Большинство модулей Nginx не доступны в репозиториях, и NAXSI не исключение. Поэтому вам придется вручную загрузить и скомпилировать Nginx из исходного кода вместе с NAXSI.

Сначала загрузите Nginx, используя следующую команду.

wget http://nginx.org/download/nginx-1.14.0.tar.gz

Примечание: Этот мануал использует версию Nginx 1.14. Чтобы загрузить более современную версию, откройте станицу загрузок, выберите другой номер и укажите его в вышеприведенной команде. Рекомендуем использовать последнюю стабильную версию.

Затем загрузите NAXSI из стабильного релиза 0.56 на Github.

wget https://github.com/nbs-system/naxsi/archive/0.56.tar.gz -O naxsi

Примечание: В мануале используется версия NAXSI 0.56. Более новые релизы модуля можно найти на странице NAXSI на Github.

Как вы могли заметить, репозиторий Nginx является архивом tar. Сначала вам нужно извлечь его, чтобы его можно было скомпилировать и установить. Это можно сделать, используя команду tar.

tar -xvf nginx-1.14.0.tar.gz

В этой команде флаг -x вызывает утилиту extract, -v включает подробный вывод, а -f указывает имя файла архива для извлечения.

Теперь, когда вы извлекли файлы Nginx, вы можете перейти к извлечению файлов NAXSI с помощью следующей команды:

tar -xvf naxsi

Теперь у вас есть папки naxsi-0.56 и nginx-1.14.0 в домашнем каталоге. Используя файлы, которые вы только что загрузили и извлекли, вы можете скомпилировать Nginx вместе с модулем NAXSI. Перейдите в каталог nginx-1.14.0.

cd nginx-1.14.0

Чтобы скомпилировать Nginx из исходного кода, вам понадобится компилятор C gcc, совместимая с Perl библиотека libpcre3-dev и библиотека libssl-dev, которая реализует криптографические протоколы SSL и TLD. Эти зависимости можно добавить с помощью apt-get.

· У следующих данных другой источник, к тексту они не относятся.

Lemma gamma_integrand_pos x t : 0 < gamma_integrand x t.
Proof. apply Rmult_lt_0_compat; [apply Rpower_pos | apply exp_pos]. Qed.

Lemma Rpower_mul_exp_opp_bounded y :
  exists C, 0 < C /\ forall t, 1 <= t -> Rpower t y * exp (- t) <= C.
Proof.
  destruct (INR_archimed 1 y) as [k Hk]; [lra|].
  exists (INR (Factorial.fact (S k))). split; [apply INR_fact_lt_0|]. intros t Ht.
  assert (Hpow : Rpower t y <= t ^ S k).
  { rewrite <- Rpower_pow by lra. apply Rle_Rpower; auto. rewrite S_INR. lra. }
  (* [exp t] dominates the single term [t^(k+1)/(k+1)!] of its Taylor series. *)
  assert (Hexp : t ^ S k / INR (Factorial.fact (S k)) <= exp t).
  { eapply Rle_trans; [|apply (exp_ge_taylor t (S k)); lra].
    rewrite tech5. enough (0 <= sum_f_R0 (fun n => t ^ n / INR (Factorial.fact n)) k) by lra.
    apply cond_pos_sum. intros n. apply Rdiv_le_0_compat; [apply pow_le; lra | apply INR_fact_lt_0]. }
  assert (Hf := INR_fact_lt_0 (S k)). assert (0 < exp (- t)) by apply exp_pos.
  assert (Ee : exp t * exp (- t) = 1) by (rewrite <- exp_plus, Rplus_opp_r; apply exp_0).
  apply Rle_trans with (t ^ S k * exp (- t)); [apply Rmult_le_compat_r; lra|].
  apply (Rmult_le_compat_r (exp (- t))) in Hexp; [|lra].
  unfold Rdiv in Hexp. rewrite Rmult_assoc, (Rmult_comm (/ _)), <- Rmult_assoc, Ee in Hexp.
  apply (Rmult_le_reg_r (/ INR (Factorial.fact (S k)))); [now apply Rinv_0_lt_compat|].
  rewrite Rinv_r by lra. exact Hexp.
Qed.

Lemma ex_lim_0plus_gamma_head x : 0 < x ->
  exists V, is_lim_0plus (fun e => RInt (gamma_integrand x) e 1) V.
Proof.
  intros Hx. apply (ex_lim_0plus_Rpower_modulus _ (/ x) x 1); try lra.
  { left. now apply Rinv_0_lt_compat. }
  intros e1 e2 He He2.
  rewrite (RInt_Chasles_R _ e1 e2 1) by (apply ex_RInt_gamma_integrand; lra).
  rewrite Rplus_minus_r.
  eapply Rle_trans.
  - apply (Rabs_is_RInt_le _ _ e1 e2 _ _ ltac:(lra)
      (RInt_correct _ _ _ (ex_RInt_gamma_integrand x e1 e2 ltac:(lra) ltac:(lra)))
      (is_RInt_Rpower_shift 0 x e1 e2 Hx ltac:(lra) ltac:(lra))).
    intros t Ht. unfold gamma_integrand. rewrite Rminus_0_r, Rabs_right by (apply Rle_ge, Rlt_le, gamma_integrand_pos).
    assert (exp (- t) <= 1) by (rewrite <- exp_0; left; apply exp_increasing; lra).
    assert (0 < Rpower t (x - 1)) by apply Rpower_pos. nra.
  - rewrite !Rminus_0_r. assert (0 < Rpower e1 x) by apply Rpower_pos.
    unfold Rdiv. rewrite Rmult_comm. apply Rmult_le_compat_l; [left; now apply Rinv_0_lt_compat | lra].
Qed.

Lemma is_RInt_inv_sqr u v : 0 < u -> u <= v -> is_RInt (fun t => / (t * t)) u v (/ u - / v).
Proof.
  intros Hu Huv. replace (/ u - / v) with (- / v - - / u) by ring.
  apply (is_RInt_derive_le (fun t => - / t)); auto.
  - intros t Ht. apply is_derive_Reals. auto_derive; [lra | field; lra].
  - intros t Ht. apply (continuity_pt_of_derivable_pt_lim _ _ (- 2 / (t * t * t))), is_derive_Reals.
    auto_derive; [nra | field; lra].
Qed.

Lemma ex_lim_0plus_gamma_tail x :
  exists V, is_lim_0plus (fun e => RInt (gamma_integrand x) 1 (/ e)) V.
Proof.
  destruct (Rpower_mul_exp_opp_bounded (x + 1)) as [C [HC HCb]].
  apply (ex_lim_0plus_Rpower_modulus _ C 1 1); try lra.
  intros e1 e2 He He2.
  assert (Hi : / e2 <= / e1) by (apply Rinv_le_contravar; lra).
  assert (Hi1 : 1 < / e2) by (rewrite <- Rinv_1; apply Rinv_lt_contravar; lra).
  rewrite (RInt_Chasles_R _ 1 (/ e2) (/ e1)) by (apply ex_RInt_gamma_integrand; lra).
  rewrite Rplus_minus_l.
  eapply Rle_trans.
  - apply (Rabs_is_RInt_le _ _ (/ e2) (/ e1) _ _ Hi
      (RInt_correct _ _ _ (ex_RInt_gamma_integrand x (/ e2) (/ e1) ltac:(lra) Hi))
      (is_RInt_scal _ _ _ C _ (is_RInt_inv_sqr (/ e2) (/ e1) ltac:(lra) Hi))).
    intros t Ht. rewrite Rabs_right by (apply Rle_ge, Rlt_le, gamma_integrand_pos).
    specialize (HCb t ltac:(lra)). unfold gamma_integrand.
    replace (Rpower t (x + 1)) with (Rpower t (x - 1) * (t * t)) in HCb
      by (replace (x + 1) with (x - 1 + 1 + 1) by ring; rewrite !Rpower_plus, Rpower_1; lra).
    change (scal C (/ (t * t))) with (C * / (t * t)).
    apply (Rmult_le_reg_r (t * t)); [nra|]. replace (C * / (t * t) * (t * t)) with C by (field; nra). nra.
  - change (scal C (/ / e2 - / / e1)) with (C * (/ / e2 - / / e1)).
    rewrite !Rinv_inv, Rpower_1 by lra. nra.
Qed.

Lemma is_Gamma_of_lim x V1 V2 :
  is_lim_0plus (fun e => RInt (gamma_integrand x) e 1) V1 ->
  is_lim_0plus (fun e => RInt (gamma_integrand x) 1 (/ e)) V2 ->
  is_Gamma x (V1 + V2).
Proof.
  intros H1 H2 eps He.
  destruct (H1 (eps / 2)) as [d1 [Hd1 K1]]; [lra|]. destruct (H2 (eps / 2)) as [d2 [Hd2 K2]]; [lra|].
  exists (Rmin d1 1), (Rmax 1 (/ d2)). split; [apply Rmin_pos; lra|].
  intros e M He' HM.
  assert (Rmin d1 1 <= d1) by apply Rmin_l. assert (Rmin d1 1 <= 1) by apply Rmin_r.
  assert (1 <= Rmax 1 (/ d2)) by apply Rmax_l. assert (/ d2 <= Rmax 1 (/ d2)) by apply Rmax_r.
  exists (RInt (gamma_integrand x) e M). split.
  - apply Defs_is_RInt_of_is_RInt, (RInt_correct (V := R_CompleteNormedModule)).
    apply ex_RInt_gamma_integrand; lra.
  - rewrite (RInt_Chasles_R _ e 1 M) by (apply ex_RInt_gamma_integrand; lra).
    specialize (K1 e ltac:(lra)).
    assert (HiM : 0 < / M < d2).
    { split; [apply Rinv_0_lt_compat; lra|]. rewrite <- (Rinv_inv d2).
      apply Rinv_lt_contravar; [apply Rmult_lt_0_compat; [apply Rinv_0_lt_compat|]|]; lra. }
    specialize (K2 (/ M) HiM). rewrite Rinv_inv in K2. revert K1 K2. split_Rabs; lra.
Qed.

Lemma is_Gamma_unique x v1 v2 : is_Gamma x v1 -> is_Gamma x v2 -> v1 = v2.
Proof.
  intros H1 H2. apply eq_of_common_approx. intros eps He.
  destruct (H1 eps He) as [d1 [M1 [Hd1 K1]]]. destruct (H2 eps He) as [d2 [M2 [Hd2 K2]]].
  set (e := Rmin d1 d2 / 2). set (M := Rmax M1 M2 + 1).
  assert (0 < Rmin d1 d2) by (apply Rmin_pos; auto).
  assert (Rmin d1 d2 <= d1) by apply Rmin_l. assert (Rmin d1 d2 <= d2) by apply Rmin_r.
  assert (M1 <= Rmax M1 M2) by apply Rmax_l. assert (M2 <= Rmax M1 M2) by apply Rmax_r.
  destruct (K1 e M ltac:(unfold e; lra) ltac:(unfold M; lra)) as [w1 [Hw1 L1]].
  destruct (K2 e M ltac:(unfold e; lra) ltac:(unfold M; lra)) as [w2 [Hw2 L2]].
  exists w1. rewrite (Defs_is_RInt_unique _ _ _ _ _ Hw1 Hw2) in L1 |- *. auto.
Qed.

Lemma Gamma_split x : 0 < x -> exists V1 V2,
  is_lim_0plus (fun e => RInt (gamma_integrand x) e 1) V1 /\
  is_lim_0plus (fun e => RInt (gamma_integrand x) 1 (/ e)) V2 /\ Gamma x = V1 + V2.
Proof.
  intros Hx. destruct (ex_lim_0plus_gamma_head x Hx) as [V1 H1].
  destruct (ex_lim_0plus_gamma_tail x) as [V2 H2].
  exists V1, V2. repeat split; auto.
  apply (is_Gamma_unique x); [|now apply is_Gamma_of_lim].
  unfold Gamma. apply epsilon_spec. exists (V1 + V2). now apply is_Gamma_of_lim.
Qed.

Lemma Gamma_pos x : 0 < x -> 0 < Gamma x.
Proof.
  intros Hx. destruct (Gamma_split x Hx) as [V1 [V2 [H1 [H2 ->]]]].
  assert (Hc : 0 < RInt (gamma_integrand x) 1 2).
  { assert (E0 : RInt (fun _ => 0) 1 2 = 0) by (rewrite RInt_const; apply Rmult_0_r).
    rewrite <- E0. apply (RInt_lt (fun _ => 0)); [lra| | |].
    - intros t Ht. apply continuity_pt_filterlim, continuity_pt_gamma_integrand. lra.
    - intros t _. apply continuity_pt_filterlim, continuity_pt_const. now intros u v.
    - intros t _. apply gamma_integrand_pos. }
  assert (HV1 : Rabs 0 <= V1).
  { apply (is_lim_0plus_Rabs_le (fun _ => 0) (fun e => RInt (gamma_integrand x) e 1) _ _ 1);
      [lra | | apply is_lim_0plus_const | exact H1].
    intros e He. rewrite Rabs_R0. apply RInt_ge_0; [lra | apply ex_RInt_gamma_integrand; lra |].
    intros t _. apply Rlt_le, gamma_integrand_pos. }
  assert (HV2 : Rabs (RInt (gamma_integrand x) 1 2) <= V2).
  { apply (is_lim_0plus_Rabs_le (fun _ => RInt (gamma_integrand x) 1 2)
             (fun e => RInt (gamma_integrand x) 1 (/ e)) _ _ (/ 2));
      [lra | | apply is_lim_0plus_const | exact H2].
    intros e He. assert (2 < / e) by (rewrite <- (Rinv_inv 2); apply Rinv_lt_contravar; nra).
    rewrite Rabs_right, (RInt_Chasles_R _ 1 2 (/ e)) by (lra || apply ex_RInt_gamma_integrand; lra).
    enough (0 <= RInt (gamma_integrand x) 2 (/ e)) by lra.
    apply RInt_ge_0; [lra | apply ex_RInt_gamma_integrand; lra |].
    intros t _. apply Rlt_le, gamma_integrand_pos. }
  rewrite Rabs_R0 in HV1. rewrite Rabs_right in HV2; lra.
Qed.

Сначала выполните следующую команду, чтобы обновить список пакетов.

sudo apt-get update

Затем установите зависимости:

sudo apt-get install build-essential libpcre3-dev libssl-dev

Теперь, когда у вас есть все зависимости, вы можете скомпилировать Nginx из исходного кода. Чтобы подготовить Nginx к компиляции в вашей системе, выполните следующий скрипт, который создаст Makefile, где вы найдете все необходимые зависимости.

./configure \
--conf-path=/etc/nginx/nginx.conf \
--add-module=../naxsi-0.56/naxsi_src/ \
--error-log-path=/var/log/nginx/error.log \
--http-client-body-temp-path=/var/lib/nginx/body \
--http-fastcgi-temp-path=/var/lib/nginx/fastcgi \
--http-log-path=/var/log/nginx/access.log \
--http-proxy-temp-path=/var/lib/nginx/proxy \
--lock-path=/var/lock/nginx.lock \
--pid-path=/var/run/nginx.pid \
--user=www-data \
--group=www-data \
--with-http_ssl_module \
--without-mail_pop3_module \
--without-mail_smtp_module \
--without-mail_imap_module \
--without-http_uwsgi_module \
--without-http_scgi_module \
--prefix=/usr

Каждая строка предыдущей команды определяет параметр веб-сервера Nginx. Наиболее важными из них являются параметр —add-module=../naxsi-0.56/naxsi_src/ (он соединяет модуль NAXSI с Nginx) и параметры —user=www-data и —group=www-data , которые рапускают Nginx с привилегиями выделенного пользователя/группы www-data, который поставляется с вашим сервером Ubuntu 16.04. Параметр —with-http_ssl_module позволяет серверу Nginx использовать шифрование SSL, а параметры —without-mail_pop3_module, —without-mail_smtp_module и —without-mail_imap_module отключают ненужные почтовые протоколы, которые в противном случае были бы автоматически включены. Подробное объяснение этих параметров можно найти в официальной документации Nginx.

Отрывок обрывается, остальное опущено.